┏━━

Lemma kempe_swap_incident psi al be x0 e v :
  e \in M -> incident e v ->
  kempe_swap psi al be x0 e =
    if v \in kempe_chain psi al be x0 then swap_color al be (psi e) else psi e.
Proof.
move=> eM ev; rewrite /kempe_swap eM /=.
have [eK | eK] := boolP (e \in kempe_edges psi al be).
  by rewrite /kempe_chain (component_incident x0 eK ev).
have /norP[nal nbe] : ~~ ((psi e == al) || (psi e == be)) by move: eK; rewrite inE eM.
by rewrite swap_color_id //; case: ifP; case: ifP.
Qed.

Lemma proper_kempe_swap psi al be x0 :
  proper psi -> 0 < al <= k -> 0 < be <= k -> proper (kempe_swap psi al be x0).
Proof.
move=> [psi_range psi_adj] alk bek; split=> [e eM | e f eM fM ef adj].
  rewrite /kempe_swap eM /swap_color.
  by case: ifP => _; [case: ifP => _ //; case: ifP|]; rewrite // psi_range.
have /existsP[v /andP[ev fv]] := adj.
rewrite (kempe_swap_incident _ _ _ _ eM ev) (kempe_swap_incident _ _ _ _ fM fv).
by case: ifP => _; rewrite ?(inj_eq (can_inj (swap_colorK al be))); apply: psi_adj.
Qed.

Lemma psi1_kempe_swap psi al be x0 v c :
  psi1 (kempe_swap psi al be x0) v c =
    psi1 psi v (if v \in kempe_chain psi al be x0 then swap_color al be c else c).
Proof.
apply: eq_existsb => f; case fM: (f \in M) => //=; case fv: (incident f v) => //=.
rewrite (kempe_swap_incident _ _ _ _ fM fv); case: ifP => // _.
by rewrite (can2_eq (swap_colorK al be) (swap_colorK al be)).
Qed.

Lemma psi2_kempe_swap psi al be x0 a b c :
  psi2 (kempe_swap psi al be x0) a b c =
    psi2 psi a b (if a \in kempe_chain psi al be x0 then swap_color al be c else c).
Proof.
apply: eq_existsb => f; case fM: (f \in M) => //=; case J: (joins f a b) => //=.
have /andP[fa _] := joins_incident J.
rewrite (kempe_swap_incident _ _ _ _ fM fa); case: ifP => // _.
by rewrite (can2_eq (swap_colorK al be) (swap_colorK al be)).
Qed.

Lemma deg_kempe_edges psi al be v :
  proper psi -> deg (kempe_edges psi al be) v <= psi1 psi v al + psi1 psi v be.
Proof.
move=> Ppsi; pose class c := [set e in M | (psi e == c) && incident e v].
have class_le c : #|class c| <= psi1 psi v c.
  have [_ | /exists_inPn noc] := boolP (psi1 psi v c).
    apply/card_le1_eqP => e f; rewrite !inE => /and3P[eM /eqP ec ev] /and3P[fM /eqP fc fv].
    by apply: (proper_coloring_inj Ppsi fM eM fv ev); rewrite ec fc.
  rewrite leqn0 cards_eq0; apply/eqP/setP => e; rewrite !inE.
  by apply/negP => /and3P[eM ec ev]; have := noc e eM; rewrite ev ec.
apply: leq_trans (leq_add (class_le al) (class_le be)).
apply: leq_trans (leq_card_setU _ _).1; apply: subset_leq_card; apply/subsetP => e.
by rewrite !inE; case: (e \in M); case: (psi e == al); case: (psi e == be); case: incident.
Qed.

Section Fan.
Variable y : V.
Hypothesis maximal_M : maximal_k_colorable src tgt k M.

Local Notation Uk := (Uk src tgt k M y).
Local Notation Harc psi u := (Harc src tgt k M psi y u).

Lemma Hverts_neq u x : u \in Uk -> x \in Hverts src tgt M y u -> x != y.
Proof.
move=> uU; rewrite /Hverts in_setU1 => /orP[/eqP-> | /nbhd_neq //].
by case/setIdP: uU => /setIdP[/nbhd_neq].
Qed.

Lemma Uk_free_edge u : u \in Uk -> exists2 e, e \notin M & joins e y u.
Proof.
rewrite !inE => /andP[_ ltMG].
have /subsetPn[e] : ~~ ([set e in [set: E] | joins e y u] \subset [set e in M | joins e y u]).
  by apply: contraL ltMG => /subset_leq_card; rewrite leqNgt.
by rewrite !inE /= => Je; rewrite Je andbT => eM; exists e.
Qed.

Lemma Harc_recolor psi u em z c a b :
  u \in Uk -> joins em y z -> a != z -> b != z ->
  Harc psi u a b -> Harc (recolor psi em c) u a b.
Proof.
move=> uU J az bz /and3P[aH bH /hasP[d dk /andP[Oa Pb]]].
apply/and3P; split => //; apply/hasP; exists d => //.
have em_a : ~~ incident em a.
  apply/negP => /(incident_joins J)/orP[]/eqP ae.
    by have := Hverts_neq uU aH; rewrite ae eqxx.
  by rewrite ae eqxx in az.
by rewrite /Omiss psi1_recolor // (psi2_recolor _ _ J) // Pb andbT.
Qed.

┗━━
┏━━

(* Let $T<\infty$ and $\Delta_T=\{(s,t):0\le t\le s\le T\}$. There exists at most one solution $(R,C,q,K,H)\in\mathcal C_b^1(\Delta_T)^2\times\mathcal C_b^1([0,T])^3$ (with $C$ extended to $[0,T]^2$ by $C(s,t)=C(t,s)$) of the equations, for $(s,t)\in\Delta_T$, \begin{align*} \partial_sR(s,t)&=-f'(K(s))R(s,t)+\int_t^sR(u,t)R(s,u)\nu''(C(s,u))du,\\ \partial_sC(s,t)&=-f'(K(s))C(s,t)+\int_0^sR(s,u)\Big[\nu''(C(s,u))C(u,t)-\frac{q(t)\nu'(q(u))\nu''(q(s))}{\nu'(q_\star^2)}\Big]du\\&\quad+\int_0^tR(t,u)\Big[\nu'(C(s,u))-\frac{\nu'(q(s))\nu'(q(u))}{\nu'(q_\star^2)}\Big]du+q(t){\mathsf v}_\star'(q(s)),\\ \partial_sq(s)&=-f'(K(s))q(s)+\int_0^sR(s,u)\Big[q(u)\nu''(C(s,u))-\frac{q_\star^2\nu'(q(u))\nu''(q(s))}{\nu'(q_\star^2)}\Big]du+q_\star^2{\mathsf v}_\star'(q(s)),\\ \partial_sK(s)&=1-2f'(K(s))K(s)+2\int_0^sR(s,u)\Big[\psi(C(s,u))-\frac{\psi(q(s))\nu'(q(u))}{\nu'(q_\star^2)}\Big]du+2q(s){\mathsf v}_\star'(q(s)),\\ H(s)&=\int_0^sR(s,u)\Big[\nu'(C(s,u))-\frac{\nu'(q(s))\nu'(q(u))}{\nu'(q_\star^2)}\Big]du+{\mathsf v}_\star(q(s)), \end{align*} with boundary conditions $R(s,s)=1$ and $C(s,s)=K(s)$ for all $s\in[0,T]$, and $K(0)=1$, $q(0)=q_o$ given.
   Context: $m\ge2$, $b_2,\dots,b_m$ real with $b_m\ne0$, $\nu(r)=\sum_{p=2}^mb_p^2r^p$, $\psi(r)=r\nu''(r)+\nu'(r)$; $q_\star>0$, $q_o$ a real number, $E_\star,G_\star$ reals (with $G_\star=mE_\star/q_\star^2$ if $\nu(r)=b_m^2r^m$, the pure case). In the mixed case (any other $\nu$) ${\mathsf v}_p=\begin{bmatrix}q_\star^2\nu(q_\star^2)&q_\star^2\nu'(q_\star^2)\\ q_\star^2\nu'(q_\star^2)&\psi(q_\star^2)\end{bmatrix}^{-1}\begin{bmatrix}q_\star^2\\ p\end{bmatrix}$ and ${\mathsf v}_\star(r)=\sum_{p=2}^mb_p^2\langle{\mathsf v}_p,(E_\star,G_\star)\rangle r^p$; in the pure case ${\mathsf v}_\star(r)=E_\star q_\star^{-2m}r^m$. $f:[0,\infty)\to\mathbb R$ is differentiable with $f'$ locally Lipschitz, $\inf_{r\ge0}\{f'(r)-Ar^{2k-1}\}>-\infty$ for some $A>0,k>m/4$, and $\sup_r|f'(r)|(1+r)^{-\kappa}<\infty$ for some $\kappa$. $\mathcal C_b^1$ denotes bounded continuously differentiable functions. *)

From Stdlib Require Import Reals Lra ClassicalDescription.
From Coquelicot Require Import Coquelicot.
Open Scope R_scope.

┗━━

Please give back, exactly as it stands above, the stretch from the line with "Lemma kempe_swap_incident psi" through the line with "move=> [psi_range psi_adj]", and no line outside it.

Lemma kempe_swap_incident psi al be x0 e v :
  e \in M -> incident e v ->
  kempe_swap psi al be x0 e =
    if v \in kempe_chain psi al be x0 then swap_color al be (psi e) else psi e.
Proof.
move=> eM ev; rewrite /kempe_swap eM /=.
have [eK | eK] := boolP (e \in kempe_edges psi al be).
  by rewrite /kempe_chain (component_incident x0 eK ev).
have /norP[nal nbe] : ~~ ((psi e == al) || (psi e == be)) by move: eK; rewrite inE eM.
by rewrite swap_color_id //; case: ifP; case: ifP.
Qed.

Lemma proper_kempe_swap psi al be x0 :
  proper psi -> 0 < al <= k -> 0 < be <= k -> proper (kempe_swap psi al be x0).
Proof.
move=> [psi_range psi_adj] alk bek; split=> [e eM | e f eM fM ef adj].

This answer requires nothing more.